__PROBLEM REQUIREMENTS__
Reproduce word for word the lines between those holding "intros Hq m." and "replace (P + 1)", inclusive, and nothing else from the data below.

__Stored items__

== Segment start ==

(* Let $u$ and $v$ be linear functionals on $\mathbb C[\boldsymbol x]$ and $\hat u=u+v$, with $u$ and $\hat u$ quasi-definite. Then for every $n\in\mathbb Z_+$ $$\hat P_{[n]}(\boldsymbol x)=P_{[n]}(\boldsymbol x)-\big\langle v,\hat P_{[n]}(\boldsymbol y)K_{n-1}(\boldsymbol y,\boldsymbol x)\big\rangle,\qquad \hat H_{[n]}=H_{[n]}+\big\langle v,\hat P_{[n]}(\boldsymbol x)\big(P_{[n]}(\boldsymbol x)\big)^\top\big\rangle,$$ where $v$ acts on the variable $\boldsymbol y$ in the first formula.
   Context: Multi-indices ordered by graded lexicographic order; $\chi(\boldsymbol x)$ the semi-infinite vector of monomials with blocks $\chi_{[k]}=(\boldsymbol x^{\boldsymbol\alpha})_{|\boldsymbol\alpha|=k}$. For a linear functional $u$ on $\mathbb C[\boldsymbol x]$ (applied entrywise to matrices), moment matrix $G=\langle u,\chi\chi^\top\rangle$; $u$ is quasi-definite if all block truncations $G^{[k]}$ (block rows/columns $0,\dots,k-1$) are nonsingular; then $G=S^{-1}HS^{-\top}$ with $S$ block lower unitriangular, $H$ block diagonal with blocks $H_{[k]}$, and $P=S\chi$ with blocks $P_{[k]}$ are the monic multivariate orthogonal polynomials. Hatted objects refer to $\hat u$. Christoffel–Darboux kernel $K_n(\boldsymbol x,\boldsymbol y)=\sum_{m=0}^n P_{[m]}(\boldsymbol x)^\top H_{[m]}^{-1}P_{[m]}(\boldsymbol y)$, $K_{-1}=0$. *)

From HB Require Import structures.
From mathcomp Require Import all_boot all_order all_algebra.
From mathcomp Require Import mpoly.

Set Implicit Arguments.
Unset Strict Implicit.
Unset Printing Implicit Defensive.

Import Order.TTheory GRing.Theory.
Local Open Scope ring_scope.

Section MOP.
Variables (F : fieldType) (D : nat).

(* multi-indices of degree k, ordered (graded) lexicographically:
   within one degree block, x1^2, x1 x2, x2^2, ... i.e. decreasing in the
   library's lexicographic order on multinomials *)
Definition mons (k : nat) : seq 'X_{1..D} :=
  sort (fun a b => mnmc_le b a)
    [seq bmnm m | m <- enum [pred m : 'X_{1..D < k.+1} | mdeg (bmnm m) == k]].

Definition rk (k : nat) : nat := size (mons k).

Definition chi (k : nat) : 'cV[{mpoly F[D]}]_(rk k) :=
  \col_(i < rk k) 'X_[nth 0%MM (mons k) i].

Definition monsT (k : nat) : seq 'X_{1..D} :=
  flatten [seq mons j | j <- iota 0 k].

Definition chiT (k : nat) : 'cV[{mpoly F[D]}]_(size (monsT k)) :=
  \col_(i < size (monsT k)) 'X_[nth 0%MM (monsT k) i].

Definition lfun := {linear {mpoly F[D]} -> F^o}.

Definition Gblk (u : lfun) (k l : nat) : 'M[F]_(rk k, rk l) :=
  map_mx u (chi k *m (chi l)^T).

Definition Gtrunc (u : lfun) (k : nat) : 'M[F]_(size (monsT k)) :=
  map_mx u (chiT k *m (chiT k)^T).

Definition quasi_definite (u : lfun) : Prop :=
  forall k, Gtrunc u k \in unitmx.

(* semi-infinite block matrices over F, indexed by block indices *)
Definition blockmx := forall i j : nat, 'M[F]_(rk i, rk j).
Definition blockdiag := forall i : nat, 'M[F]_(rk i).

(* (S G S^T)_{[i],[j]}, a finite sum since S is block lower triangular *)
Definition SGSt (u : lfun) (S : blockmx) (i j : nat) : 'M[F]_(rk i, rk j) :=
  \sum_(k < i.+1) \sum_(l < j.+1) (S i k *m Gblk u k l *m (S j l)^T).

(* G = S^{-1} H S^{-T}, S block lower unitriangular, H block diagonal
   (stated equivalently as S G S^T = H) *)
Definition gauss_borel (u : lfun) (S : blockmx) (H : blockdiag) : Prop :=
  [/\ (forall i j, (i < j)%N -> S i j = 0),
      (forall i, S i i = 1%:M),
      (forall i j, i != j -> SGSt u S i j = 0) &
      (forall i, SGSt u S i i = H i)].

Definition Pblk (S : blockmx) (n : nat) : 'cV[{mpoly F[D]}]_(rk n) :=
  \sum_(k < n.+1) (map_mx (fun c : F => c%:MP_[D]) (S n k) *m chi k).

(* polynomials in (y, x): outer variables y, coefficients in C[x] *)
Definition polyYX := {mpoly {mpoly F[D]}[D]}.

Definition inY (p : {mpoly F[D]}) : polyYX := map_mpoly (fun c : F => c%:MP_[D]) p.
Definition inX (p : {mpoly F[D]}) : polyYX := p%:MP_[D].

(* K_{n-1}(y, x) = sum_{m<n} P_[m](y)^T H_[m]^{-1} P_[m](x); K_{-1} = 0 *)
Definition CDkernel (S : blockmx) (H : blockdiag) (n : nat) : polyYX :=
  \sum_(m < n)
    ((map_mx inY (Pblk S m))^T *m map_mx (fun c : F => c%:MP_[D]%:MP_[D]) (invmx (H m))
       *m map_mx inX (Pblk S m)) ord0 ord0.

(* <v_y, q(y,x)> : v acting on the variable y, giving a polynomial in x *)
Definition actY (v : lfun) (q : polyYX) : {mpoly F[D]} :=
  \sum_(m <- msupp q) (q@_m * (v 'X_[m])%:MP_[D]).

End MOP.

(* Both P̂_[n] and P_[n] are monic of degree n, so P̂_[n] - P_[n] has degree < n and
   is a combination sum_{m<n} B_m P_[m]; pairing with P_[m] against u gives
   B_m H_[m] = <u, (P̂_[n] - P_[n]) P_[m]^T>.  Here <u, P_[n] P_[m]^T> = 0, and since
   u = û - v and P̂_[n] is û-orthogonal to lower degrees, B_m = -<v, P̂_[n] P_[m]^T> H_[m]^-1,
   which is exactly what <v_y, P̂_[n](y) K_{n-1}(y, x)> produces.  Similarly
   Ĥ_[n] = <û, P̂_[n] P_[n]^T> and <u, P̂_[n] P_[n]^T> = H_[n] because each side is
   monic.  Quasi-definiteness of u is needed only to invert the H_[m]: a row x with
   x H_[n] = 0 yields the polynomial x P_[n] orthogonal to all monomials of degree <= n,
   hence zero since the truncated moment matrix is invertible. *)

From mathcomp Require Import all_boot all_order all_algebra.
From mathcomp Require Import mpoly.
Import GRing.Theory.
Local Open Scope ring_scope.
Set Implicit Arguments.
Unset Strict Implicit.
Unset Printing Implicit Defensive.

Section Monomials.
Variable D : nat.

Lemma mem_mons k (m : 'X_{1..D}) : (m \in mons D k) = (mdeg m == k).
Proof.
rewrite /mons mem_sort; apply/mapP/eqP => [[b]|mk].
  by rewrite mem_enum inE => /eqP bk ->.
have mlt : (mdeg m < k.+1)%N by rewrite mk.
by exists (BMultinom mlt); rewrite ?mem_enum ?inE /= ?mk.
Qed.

== Segment end ==
== Segment start ==

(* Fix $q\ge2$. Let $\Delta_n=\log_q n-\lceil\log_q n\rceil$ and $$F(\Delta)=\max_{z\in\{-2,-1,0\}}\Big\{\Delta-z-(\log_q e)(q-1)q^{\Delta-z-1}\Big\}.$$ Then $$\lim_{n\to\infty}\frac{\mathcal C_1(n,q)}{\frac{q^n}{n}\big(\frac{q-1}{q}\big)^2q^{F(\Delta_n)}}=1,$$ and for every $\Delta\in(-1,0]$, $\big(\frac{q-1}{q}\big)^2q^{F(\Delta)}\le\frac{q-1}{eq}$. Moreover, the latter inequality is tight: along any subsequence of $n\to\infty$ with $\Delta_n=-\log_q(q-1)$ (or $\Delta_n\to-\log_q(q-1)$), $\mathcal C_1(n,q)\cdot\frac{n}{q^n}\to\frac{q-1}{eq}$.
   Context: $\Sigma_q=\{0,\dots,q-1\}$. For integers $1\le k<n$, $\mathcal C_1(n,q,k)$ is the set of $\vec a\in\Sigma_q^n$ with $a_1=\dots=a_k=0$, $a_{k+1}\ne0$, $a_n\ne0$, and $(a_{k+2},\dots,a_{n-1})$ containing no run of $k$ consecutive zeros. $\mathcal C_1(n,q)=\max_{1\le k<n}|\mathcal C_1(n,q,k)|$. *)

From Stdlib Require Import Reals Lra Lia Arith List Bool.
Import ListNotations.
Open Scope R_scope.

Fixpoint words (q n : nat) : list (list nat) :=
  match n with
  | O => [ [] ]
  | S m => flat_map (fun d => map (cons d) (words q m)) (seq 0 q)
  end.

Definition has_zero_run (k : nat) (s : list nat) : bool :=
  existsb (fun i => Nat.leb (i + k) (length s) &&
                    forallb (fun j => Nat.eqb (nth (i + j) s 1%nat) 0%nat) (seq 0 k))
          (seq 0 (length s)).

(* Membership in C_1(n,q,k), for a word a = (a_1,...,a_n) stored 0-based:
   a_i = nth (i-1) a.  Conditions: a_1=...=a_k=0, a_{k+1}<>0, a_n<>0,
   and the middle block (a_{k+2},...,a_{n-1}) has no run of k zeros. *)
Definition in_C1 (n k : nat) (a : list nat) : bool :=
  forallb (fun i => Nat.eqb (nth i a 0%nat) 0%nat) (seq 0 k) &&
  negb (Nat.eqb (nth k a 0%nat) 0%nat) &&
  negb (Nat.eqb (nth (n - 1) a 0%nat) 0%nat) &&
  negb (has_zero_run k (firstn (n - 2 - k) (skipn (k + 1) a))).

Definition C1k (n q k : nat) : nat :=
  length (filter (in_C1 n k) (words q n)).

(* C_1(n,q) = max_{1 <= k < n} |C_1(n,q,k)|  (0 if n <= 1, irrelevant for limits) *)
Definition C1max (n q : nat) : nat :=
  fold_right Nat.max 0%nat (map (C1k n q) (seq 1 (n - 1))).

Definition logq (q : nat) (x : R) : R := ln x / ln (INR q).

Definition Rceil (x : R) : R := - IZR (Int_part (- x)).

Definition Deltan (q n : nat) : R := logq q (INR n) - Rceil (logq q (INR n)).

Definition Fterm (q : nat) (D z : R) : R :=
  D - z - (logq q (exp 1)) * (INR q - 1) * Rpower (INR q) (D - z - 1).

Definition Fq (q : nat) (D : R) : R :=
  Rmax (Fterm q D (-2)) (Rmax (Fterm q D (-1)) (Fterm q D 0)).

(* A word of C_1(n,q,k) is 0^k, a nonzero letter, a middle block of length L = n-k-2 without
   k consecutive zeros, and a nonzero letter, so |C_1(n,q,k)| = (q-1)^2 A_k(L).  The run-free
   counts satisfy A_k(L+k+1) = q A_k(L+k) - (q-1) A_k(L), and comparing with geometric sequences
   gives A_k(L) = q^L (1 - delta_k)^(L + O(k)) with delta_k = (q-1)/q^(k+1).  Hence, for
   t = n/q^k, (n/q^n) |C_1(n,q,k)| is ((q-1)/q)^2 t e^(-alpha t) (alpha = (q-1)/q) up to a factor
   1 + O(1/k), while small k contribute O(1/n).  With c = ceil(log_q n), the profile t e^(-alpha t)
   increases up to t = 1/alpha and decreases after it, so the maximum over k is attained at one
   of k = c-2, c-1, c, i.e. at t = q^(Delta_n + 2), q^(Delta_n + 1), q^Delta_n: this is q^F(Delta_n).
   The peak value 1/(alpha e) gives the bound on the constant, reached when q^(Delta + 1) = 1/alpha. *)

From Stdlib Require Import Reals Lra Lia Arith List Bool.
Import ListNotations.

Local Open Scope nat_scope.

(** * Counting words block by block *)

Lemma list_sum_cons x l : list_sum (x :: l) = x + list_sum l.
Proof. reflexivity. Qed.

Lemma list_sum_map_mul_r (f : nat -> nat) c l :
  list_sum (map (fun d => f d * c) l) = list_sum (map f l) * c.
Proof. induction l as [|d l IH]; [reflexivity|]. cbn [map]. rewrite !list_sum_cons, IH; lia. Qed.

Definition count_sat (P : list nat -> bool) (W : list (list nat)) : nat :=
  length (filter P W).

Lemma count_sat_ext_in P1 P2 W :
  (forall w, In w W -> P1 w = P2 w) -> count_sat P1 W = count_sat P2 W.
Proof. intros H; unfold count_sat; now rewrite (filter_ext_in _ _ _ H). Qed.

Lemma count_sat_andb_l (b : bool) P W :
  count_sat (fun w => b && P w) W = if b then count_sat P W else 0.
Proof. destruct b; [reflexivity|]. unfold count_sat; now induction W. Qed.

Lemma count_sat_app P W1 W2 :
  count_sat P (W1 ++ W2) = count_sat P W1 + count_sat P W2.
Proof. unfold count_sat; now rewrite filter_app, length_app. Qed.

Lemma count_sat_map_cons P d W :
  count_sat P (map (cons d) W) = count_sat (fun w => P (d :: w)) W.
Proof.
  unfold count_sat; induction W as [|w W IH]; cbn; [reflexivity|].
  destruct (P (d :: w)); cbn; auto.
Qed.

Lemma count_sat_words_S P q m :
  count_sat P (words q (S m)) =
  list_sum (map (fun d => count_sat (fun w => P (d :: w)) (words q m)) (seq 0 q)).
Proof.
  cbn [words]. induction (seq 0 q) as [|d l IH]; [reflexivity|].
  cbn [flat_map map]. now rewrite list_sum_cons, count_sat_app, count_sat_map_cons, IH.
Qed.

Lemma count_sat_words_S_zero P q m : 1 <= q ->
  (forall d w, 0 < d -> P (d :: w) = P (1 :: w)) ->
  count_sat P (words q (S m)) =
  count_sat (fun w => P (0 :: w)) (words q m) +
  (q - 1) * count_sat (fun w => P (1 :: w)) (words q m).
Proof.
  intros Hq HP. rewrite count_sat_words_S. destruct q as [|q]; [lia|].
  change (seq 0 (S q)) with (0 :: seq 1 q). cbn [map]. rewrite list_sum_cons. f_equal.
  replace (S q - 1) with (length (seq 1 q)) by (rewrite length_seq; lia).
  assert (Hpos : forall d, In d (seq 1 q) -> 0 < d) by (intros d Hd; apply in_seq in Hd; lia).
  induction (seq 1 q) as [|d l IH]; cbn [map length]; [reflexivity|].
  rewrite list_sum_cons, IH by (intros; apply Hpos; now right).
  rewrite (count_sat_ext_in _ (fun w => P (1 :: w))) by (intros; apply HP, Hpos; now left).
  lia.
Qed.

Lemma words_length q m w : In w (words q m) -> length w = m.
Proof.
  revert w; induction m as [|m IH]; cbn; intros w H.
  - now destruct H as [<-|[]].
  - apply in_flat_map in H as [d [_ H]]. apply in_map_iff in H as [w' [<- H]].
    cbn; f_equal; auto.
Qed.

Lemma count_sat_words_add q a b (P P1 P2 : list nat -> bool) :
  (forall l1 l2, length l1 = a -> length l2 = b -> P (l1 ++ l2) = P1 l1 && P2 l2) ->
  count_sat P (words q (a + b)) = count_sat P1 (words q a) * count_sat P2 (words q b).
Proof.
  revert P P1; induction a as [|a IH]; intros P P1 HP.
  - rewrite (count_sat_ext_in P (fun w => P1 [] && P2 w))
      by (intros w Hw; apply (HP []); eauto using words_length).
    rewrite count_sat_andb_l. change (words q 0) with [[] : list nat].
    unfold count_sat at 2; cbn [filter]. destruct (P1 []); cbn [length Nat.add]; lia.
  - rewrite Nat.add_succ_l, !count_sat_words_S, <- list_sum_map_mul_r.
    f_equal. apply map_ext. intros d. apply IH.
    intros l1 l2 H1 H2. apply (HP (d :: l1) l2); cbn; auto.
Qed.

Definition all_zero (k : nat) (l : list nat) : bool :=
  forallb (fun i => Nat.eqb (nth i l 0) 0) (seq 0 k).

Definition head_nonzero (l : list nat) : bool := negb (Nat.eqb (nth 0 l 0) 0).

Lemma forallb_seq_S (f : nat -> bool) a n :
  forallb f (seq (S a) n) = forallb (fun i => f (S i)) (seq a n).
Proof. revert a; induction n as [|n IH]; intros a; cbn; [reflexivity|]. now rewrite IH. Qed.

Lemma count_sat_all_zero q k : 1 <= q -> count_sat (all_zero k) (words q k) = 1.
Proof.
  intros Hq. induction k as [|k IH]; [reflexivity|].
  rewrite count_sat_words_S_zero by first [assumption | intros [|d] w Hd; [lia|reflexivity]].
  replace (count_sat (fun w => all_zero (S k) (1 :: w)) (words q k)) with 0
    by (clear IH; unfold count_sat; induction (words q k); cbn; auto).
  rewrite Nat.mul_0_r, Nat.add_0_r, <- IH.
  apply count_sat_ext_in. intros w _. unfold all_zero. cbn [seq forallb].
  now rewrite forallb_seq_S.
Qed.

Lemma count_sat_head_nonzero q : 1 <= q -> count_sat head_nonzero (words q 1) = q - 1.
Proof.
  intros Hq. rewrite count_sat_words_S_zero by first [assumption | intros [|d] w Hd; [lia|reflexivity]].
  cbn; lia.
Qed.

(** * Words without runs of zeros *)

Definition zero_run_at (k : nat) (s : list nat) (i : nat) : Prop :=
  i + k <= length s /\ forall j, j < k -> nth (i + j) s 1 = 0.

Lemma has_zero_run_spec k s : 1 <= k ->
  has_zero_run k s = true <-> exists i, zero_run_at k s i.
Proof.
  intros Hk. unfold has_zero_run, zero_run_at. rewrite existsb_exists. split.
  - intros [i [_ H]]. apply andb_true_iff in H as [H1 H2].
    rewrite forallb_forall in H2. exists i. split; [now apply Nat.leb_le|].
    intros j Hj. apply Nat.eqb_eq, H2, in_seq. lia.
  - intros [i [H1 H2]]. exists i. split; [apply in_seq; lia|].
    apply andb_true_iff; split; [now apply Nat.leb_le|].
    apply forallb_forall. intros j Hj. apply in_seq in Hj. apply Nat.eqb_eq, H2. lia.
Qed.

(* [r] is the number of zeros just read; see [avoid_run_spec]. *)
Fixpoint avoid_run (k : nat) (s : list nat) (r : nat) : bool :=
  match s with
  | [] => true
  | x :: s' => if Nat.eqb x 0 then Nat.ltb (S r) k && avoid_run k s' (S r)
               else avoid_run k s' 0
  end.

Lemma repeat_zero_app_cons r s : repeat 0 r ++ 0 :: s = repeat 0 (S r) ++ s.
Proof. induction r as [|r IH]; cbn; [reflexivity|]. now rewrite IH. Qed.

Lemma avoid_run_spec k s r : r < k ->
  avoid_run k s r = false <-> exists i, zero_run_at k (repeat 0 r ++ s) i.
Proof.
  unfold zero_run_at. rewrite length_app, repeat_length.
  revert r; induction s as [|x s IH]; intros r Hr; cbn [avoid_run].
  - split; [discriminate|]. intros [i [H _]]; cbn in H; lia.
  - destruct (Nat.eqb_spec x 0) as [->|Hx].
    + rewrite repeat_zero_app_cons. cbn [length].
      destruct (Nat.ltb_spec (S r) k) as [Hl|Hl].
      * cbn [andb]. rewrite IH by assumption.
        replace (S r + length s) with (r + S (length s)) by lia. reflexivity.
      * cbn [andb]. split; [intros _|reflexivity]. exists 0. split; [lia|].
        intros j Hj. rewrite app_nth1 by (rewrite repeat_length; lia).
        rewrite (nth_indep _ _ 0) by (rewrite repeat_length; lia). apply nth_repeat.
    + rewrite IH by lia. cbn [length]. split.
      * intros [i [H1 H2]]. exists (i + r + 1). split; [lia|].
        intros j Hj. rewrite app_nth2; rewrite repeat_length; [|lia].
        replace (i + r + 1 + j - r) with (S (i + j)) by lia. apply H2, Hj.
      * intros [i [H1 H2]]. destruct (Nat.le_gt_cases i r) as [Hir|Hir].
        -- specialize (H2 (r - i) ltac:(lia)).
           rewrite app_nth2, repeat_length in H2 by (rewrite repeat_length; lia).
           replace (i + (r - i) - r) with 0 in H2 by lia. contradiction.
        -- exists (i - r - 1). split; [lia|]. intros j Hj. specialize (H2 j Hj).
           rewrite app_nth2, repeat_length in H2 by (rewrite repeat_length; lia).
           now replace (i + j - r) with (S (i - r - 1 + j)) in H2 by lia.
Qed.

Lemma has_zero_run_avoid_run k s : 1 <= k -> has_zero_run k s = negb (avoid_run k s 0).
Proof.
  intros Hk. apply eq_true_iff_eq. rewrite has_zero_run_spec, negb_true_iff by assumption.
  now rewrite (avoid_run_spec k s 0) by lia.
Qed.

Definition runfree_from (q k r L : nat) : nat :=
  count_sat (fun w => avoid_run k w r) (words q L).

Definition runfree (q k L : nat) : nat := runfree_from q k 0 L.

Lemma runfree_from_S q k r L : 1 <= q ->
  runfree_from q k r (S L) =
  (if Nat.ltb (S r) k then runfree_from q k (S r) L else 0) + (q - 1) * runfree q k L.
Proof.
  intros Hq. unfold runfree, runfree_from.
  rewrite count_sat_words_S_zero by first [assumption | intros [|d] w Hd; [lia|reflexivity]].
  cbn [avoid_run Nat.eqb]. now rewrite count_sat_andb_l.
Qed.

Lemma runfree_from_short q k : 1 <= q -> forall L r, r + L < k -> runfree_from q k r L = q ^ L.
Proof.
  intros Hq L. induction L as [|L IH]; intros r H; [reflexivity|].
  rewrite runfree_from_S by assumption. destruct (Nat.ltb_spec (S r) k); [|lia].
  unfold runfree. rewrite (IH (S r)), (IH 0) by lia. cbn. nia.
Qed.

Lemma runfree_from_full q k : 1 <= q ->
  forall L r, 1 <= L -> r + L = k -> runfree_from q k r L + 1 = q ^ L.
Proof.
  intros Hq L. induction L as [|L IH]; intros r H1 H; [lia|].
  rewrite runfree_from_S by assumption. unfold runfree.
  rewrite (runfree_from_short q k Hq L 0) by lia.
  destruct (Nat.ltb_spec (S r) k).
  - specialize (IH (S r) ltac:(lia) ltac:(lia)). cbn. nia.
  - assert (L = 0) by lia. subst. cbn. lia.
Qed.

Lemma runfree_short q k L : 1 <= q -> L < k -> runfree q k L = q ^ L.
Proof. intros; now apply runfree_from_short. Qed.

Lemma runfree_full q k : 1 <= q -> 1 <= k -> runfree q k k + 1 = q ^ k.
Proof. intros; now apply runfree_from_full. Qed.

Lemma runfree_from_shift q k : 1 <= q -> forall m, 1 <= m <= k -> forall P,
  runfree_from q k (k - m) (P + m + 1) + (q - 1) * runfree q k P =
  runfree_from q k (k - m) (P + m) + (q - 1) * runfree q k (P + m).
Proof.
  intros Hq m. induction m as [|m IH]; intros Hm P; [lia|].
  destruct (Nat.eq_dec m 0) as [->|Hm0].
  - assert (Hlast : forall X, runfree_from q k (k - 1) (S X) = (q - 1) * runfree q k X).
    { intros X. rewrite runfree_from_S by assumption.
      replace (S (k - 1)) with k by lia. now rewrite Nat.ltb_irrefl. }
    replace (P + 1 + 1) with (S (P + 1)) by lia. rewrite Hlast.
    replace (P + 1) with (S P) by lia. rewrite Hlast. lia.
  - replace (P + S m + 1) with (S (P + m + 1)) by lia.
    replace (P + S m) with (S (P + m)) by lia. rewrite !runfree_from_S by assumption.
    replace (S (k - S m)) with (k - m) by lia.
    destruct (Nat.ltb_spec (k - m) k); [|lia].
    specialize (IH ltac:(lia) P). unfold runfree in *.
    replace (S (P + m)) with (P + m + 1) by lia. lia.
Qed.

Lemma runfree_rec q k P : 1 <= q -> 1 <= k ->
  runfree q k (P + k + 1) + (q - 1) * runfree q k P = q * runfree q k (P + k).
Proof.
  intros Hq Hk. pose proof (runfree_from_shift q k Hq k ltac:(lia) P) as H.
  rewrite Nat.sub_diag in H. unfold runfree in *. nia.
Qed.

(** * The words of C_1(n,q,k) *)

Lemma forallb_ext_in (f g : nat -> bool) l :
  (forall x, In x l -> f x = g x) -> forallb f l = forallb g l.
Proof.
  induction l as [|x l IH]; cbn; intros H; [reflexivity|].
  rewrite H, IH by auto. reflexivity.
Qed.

== Segment end ==

__ANSWER BOX__
  intros Hq m. induction m as [|m IH]; intros Hm P; [lia|].
  destruct (Nat.eq_dec m 0) as [->|Hm0].
  - assert (Hlast : forall X, runfree_from q k (k - 1) (S X) = (q - 1) * runfree q k X).
    { intros X. rewrite runfree_from_S by assumption.
      replace (S (k - 1)) with k by lia. now rewrite Nat.ltb_irrefl. }
    replace (P + 1 + 1) with (S (P + 1)) by lia. rewrite Hlast.
    replace (P + 1) with (S P) by lia. rewrite Hlast. lia.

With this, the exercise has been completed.